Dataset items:

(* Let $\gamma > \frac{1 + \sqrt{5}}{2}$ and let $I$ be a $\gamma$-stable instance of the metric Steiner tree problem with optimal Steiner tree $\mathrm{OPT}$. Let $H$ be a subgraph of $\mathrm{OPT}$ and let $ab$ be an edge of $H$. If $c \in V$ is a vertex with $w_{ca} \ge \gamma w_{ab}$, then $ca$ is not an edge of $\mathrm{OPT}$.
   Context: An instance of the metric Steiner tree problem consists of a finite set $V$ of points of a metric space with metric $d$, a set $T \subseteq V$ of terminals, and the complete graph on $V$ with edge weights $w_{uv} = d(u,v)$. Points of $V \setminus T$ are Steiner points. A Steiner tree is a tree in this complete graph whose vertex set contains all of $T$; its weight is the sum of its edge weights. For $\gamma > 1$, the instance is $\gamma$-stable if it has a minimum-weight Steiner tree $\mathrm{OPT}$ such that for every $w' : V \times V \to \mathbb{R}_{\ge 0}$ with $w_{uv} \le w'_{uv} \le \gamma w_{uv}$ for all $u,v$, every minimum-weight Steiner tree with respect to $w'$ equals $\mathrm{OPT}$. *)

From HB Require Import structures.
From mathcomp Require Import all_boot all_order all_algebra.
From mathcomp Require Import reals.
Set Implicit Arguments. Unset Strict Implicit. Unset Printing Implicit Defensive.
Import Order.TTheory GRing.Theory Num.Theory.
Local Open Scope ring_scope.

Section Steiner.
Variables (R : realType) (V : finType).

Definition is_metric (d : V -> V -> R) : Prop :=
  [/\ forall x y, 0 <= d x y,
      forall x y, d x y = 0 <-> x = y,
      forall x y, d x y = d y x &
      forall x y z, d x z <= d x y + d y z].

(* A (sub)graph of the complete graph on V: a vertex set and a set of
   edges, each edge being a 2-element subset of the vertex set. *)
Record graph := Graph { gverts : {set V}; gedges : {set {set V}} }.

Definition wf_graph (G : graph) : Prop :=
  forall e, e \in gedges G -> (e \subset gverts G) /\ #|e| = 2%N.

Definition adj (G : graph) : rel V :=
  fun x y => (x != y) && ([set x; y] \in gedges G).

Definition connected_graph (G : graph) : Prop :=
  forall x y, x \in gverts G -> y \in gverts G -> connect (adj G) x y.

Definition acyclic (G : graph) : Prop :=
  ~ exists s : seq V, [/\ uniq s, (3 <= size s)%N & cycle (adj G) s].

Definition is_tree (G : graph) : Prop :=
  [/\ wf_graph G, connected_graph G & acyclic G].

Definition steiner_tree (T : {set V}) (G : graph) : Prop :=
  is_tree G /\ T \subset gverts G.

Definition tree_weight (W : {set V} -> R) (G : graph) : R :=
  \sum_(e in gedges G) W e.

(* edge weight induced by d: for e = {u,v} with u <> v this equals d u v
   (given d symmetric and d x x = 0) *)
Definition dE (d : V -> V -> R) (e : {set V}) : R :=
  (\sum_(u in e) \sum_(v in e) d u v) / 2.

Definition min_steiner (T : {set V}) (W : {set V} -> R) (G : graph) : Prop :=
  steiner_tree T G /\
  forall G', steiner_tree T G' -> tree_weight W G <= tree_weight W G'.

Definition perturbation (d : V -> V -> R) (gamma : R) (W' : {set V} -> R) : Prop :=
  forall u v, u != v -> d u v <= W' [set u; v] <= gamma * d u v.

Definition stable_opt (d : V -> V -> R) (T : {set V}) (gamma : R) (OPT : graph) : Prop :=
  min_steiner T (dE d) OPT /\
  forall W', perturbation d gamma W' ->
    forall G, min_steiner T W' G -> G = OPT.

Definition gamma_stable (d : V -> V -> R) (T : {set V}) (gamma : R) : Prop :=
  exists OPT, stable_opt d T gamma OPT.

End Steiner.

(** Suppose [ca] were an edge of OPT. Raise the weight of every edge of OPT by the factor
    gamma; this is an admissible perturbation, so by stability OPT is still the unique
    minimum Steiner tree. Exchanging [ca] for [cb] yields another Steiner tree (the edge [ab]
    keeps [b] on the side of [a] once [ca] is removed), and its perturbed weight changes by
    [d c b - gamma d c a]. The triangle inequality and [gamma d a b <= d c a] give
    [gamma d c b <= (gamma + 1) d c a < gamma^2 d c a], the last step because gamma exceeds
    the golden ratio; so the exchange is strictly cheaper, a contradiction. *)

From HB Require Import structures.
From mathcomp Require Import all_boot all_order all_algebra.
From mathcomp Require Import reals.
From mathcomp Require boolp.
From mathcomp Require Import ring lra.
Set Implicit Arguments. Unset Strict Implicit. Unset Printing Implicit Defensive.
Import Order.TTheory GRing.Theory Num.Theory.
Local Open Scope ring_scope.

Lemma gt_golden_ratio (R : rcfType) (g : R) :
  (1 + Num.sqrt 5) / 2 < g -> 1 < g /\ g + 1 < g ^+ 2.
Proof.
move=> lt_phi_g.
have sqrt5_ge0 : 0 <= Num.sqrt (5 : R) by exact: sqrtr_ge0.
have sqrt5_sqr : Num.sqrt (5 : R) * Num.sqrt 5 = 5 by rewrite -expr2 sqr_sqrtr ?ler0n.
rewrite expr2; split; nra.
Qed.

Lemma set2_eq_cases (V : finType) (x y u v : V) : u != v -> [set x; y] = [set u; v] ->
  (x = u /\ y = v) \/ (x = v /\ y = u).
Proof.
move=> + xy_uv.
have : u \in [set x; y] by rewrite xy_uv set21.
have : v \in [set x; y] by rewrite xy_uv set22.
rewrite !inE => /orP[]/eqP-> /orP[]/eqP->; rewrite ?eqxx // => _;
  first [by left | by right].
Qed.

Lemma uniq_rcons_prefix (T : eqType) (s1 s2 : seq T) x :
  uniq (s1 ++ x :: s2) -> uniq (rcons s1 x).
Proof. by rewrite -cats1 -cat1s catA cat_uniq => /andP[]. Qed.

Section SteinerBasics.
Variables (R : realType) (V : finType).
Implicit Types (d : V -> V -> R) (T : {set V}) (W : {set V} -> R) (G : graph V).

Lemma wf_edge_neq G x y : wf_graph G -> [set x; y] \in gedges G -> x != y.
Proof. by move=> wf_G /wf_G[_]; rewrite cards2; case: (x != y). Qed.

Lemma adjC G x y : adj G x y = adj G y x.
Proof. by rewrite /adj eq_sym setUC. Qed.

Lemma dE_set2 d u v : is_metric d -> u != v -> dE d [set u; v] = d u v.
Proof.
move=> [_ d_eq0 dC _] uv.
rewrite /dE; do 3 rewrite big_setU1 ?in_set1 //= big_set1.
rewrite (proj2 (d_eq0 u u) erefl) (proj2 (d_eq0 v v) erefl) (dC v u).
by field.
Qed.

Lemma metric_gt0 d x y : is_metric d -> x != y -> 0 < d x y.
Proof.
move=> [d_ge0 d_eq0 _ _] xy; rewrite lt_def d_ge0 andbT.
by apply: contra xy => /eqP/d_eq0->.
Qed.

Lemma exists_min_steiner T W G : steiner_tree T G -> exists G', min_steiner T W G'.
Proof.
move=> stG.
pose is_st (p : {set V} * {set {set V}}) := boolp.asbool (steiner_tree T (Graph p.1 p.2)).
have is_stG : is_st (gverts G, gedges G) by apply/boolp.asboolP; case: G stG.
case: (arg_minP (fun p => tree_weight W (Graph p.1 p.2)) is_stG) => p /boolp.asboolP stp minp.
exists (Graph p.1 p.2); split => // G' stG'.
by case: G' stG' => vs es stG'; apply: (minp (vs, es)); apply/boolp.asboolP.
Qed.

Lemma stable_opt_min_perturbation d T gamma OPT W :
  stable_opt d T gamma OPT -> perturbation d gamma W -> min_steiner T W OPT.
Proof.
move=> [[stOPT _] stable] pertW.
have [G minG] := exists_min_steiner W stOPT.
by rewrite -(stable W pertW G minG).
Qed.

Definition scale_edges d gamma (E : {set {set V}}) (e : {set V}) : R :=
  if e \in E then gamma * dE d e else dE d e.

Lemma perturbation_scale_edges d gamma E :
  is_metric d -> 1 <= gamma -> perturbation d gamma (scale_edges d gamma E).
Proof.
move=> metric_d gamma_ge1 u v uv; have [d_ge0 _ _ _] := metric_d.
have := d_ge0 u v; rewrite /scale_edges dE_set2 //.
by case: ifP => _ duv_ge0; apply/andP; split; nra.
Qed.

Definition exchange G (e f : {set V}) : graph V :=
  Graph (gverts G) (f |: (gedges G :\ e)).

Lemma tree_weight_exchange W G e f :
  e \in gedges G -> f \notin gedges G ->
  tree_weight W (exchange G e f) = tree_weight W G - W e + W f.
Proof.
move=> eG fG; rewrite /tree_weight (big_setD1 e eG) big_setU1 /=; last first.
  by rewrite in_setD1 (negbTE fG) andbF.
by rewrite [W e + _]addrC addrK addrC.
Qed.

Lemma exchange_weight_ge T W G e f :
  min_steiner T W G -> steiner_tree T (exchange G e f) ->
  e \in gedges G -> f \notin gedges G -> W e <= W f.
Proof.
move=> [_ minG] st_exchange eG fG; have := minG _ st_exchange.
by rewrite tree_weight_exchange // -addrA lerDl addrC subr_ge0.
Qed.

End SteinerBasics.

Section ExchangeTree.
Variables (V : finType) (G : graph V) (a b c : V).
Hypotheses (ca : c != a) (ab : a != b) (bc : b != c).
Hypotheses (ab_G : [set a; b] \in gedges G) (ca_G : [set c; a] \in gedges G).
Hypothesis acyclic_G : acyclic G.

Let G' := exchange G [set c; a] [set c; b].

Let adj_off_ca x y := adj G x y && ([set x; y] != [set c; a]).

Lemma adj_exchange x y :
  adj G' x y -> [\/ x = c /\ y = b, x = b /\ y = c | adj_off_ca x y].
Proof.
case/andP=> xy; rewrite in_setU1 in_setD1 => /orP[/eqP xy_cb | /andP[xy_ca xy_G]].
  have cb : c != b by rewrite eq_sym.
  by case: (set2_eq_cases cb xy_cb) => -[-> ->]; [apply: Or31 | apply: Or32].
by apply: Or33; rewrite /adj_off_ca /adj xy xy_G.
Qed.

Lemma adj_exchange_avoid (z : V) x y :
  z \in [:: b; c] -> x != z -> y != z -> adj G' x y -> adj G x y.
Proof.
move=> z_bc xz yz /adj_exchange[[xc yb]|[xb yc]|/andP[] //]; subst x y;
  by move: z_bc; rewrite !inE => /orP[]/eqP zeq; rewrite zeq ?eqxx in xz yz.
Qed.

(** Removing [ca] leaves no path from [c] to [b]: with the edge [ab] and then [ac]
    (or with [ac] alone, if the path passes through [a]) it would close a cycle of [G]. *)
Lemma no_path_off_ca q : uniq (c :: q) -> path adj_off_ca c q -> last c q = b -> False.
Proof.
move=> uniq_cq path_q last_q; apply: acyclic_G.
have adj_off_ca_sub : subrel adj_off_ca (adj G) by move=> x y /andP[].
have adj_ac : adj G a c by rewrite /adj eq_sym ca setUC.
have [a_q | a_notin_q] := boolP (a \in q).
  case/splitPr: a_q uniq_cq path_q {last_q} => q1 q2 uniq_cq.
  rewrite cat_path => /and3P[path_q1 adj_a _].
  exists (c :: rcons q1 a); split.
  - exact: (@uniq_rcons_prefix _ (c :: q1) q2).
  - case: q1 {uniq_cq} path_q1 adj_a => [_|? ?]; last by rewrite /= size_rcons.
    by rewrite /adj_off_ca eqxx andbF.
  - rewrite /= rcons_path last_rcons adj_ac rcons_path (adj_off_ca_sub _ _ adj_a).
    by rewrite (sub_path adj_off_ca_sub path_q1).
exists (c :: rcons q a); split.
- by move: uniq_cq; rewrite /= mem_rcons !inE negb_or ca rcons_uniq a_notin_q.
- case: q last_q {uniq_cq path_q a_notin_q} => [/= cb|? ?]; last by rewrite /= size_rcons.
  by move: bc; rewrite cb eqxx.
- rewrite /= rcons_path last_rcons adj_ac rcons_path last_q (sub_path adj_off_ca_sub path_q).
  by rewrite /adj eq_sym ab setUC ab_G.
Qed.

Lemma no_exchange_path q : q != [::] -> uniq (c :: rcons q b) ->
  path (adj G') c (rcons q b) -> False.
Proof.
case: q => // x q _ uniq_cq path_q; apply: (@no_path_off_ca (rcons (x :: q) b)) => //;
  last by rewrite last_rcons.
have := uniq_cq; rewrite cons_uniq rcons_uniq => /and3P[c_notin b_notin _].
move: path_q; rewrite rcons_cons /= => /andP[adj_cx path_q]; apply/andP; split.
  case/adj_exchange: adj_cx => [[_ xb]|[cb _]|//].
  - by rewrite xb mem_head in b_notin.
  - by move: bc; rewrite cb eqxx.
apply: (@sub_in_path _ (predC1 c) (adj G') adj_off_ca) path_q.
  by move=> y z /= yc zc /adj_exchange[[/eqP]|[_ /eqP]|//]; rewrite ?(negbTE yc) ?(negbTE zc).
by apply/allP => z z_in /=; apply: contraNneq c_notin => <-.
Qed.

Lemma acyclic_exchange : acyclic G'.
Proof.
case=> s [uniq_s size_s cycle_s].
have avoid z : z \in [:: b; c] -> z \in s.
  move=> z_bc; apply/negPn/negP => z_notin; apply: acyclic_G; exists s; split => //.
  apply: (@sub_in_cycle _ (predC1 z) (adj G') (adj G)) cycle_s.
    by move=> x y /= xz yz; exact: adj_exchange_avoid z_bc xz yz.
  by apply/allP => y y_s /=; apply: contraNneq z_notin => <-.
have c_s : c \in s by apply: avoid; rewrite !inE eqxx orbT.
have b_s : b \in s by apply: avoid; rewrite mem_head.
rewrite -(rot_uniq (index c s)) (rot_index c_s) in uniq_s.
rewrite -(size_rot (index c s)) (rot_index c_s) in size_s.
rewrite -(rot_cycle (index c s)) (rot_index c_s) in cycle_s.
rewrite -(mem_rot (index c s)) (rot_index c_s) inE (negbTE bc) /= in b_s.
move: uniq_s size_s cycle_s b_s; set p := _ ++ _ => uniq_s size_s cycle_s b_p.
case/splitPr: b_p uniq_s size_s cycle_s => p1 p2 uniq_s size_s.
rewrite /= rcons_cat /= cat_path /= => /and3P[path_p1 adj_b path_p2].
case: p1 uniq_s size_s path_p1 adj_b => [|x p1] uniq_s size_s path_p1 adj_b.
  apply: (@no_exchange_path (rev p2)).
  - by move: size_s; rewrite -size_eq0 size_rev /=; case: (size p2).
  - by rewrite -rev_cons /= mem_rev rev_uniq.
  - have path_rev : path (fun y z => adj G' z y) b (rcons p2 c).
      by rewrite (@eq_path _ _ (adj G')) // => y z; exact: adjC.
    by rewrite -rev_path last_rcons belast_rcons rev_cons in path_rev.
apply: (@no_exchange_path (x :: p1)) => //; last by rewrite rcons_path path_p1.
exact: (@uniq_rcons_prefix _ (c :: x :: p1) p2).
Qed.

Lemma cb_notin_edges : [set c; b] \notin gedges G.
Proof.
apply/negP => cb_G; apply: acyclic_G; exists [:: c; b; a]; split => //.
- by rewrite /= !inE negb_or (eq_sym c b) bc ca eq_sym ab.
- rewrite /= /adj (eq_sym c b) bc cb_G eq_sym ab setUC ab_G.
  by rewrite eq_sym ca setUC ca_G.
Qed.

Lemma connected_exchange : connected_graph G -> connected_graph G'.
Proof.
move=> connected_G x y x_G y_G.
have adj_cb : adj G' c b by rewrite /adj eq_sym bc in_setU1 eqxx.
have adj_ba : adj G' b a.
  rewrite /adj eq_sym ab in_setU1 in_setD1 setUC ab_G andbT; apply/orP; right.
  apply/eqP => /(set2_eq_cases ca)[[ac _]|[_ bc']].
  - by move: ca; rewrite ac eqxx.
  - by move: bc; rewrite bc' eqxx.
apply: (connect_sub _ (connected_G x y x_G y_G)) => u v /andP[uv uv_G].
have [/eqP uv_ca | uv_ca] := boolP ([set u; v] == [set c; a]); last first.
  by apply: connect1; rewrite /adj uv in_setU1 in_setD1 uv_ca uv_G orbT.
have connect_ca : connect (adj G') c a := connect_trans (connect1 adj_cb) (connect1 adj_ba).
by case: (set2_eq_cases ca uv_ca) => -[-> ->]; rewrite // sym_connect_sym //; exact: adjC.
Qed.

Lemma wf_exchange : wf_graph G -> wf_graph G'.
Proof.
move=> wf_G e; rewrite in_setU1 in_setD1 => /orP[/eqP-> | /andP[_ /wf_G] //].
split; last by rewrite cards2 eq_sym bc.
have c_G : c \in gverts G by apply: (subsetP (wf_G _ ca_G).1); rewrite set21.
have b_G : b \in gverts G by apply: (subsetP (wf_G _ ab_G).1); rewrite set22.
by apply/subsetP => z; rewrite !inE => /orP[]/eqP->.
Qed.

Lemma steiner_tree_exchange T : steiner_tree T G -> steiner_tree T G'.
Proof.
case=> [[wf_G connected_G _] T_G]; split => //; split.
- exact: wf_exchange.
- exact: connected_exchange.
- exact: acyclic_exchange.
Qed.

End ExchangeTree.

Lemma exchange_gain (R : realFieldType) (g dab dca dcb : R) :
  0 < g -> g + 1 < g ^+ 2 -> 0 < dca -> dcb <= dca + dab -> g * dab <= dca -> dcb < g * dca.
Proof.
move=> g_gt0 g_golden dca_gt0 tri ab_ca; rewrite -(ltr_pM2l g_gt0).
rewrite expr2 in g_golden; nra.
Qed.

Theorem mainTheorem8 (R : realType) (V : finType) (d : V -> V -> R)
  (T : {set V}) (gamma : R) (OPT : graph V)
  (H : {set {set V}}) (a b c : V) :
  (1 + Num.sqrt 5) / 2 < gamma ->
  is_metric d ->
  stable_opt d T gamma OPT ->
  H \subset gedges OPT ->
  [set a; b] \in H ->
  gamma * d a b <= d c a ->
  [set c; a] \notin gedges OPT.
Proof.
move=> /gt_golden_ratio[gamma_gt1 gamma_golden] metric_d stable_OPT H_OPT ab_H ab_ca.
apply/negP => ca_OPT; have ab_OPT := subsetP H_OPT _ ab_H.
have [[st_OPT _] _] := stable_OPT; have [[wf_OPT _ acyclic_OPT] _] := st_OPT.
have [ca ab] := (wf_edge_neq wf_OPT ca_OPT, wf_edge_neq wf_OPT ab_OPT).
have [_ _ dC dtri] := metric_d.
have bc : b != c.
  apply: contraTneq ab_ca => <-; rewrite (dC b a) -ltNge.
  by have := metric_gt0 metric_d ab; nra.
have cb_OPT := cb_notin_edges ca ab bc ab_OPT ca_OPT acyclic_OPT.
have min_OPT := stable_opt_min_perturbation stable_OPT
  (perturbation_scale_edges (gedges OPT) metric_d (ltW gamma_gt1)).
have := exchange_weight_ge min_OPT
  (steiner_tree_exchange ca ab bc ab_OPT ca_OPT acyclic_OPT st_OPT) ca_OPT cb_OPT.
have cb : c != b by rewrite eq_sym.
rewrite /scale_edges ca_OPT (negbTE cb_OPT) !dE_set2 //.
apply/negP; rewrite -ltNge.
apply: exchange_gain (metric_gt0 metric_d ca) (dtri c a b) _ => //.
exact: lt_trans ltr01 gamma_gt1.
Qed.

WORK INSTRUCTIONS
Scan the data above, find each line with "problem", and copy it.

ANSWER AREA
(* Let $\gamma > \frac{1 + \sqrt{5}}{2}$ and let $I$ be a $\gamma$-stable instance of the metric Steiner tree problem with optimal Steiner tree $\mathrm{OPT}$. Let $H$ be a subgraph of $\mathrm{OPT}$ and let $ab$ be an edge of $H$. If $c \in V$ is a vertex with $w_{ca} \ge \gamma w_{ab}$, then $ca$ is not an edge of $\mathrm{OPT}$.
   Context: An instance of the metric Steiner tree problem consists of a finite set $V$ of points of a metric space with metric $d$, a set $T \subseteq V$ of terminals, and the complete graph on $V$ with edge weights $w_{uv} = d(u,v)$. Points of $V \setminus T$ are Steiner points. A Steiner tree is a tree in this complete graph whose vertex set contains all of $T$; its weight is the sum of its edge weights. For $\gamma > 1$, the instance is $\gamma$-stable if it has a minimum-weight Steiner tree $\mathrm{OPT}$ such that for every $w' : V \times V \to \mathbb{R}_{\ge 0}$ with $w_{uv} \le w'_{uv} \le \gamma w_{uv}$ for all $u,v$, every minimum-weight Steiner tree with respect to $w'$ equals $\mathrm{OPT}$. *)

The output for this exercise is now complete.